Problem to work on |
Please print the records below exactly as they are written.

[Collected data entries]
(* Let $D\ge1$ and let $\mathcal{F}$ be a collection of pairwise non-overlapping $D$-simplices on $\gamma_D$ whose vertex sets have union exactly a set of $n$ points, and suppose $\mathcal{F}$ is non-extendable. Then there is a collection $\mathcal{F}'$ of pairwise non-overlapping $(D+1)$-simplices on $\gamma_{D+1}$ whose vertex sets have union a set of exactly $n+1$ points of $\gamma_{D+1}$, such that $\mathcal{F}'$ is non-extendable.
   Context: $\gamma_D=\{(t,t^2,\dots,t^D):t\in\mathbb{R}\}$. A $D$-simplex on $\gamma_D$ is $\mathrm{conv}(\sigma)$ for $\sigma\subseteq\gamma_D$, $|\sigma|=D+1$. Simplices overlap if $\mathrm{conv}(\sigma)\cap\mathrm{conv}(\tau)\supsetneq\mathrm{conv}(\sigma\cap\tau)$. A collection of simplices on $\gamma_D$ whose vertex sets have union $A$ is non-extendable if there is no triangulation of $\mathrm{conv}(A)$ all of whose vertices lie in $A$ and which contains every simplex of the collection. *)

From HB Require Import structures.
From mathcomp Require Import all_boot all_order all_algebra.
From mathcomp Require Import finmap.
From mathcomp Require Import reals.
Unset Printing Implicit Defensive.
Import Order.TTheory GRing.Theory Num.Theory.
Local Open Scope ring_scope.
Local Open Scope fset_scope.

(* The point (t, t^2, ..., t^D) of the moment curve gamma_D, in R^D. *)
Definition mpt {R : realType} (D : nat) (t : R) : 'rV[R]_D :=
  \row_(i < D) t ^+ i.+1.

Answer to this problem |
(* Let $D\ge1$ and let $\mathcal{F}$ be a collection of pairwise non-overlapping $D$-simplices on $\gamma_D$ whose vertex sets have union exactly a set of $n$ points, and suppose $\mathcal{F}$ is non-extendable. Then there is a collection $\mathcal{F}'$ of pairwise non-overlapping $(D+1)$-simplices on $\gamma_{D+1}$ whose vertex sets have union a set of exactly $n+1$ points of $\gamma_{D+1}$, such that $\mathcal{F}'$ is non-extendable.
   Context: $\gamma_D=\{(t,t^2,\dots,t^D):t\in\mathbb{R}\}$. A $D$-simplex on $\gamma_D$ is $\mathrm{conv}(\sigma)$ for $\sigma\subseteq\gamma_D$, $|\sigma|=D+1$. Simplices overlap if $\mathrm{conv}(\sigma)\cap\mathrm{conv}(\tau)\supsetneq\mathrm{conv}(\sigma\cap\tau)$. A collection of simplices on $\gamma_D$ whose vertex sets have union $A$ is non-extendable if there is no triangulation of $\mathrm{conv}(A)$ all of whose vertices lie in $A$ and which contains every simplex of the collection. *)

From HB Require Import structures.
From mathcomp Require Import all_boot all_order all_algebra.
From mathcomp Require Import finmap.
From mathcomp Require Import reals.
Unset Printing Implicit Defensive.
Import Order.TTheory GRing.Theory Num.Theory.
Local Open Scope ring_scope.
Local Open Scope fset_scope.

(* The point (t, t^2, ..., t^D) of the moment curve gamma_D, in R^D. *)
Definition mpt {R : realType} (D : nat) (t : R) : 'rV[R]_D :=
  \row_(i < D) t ^+ i.+1.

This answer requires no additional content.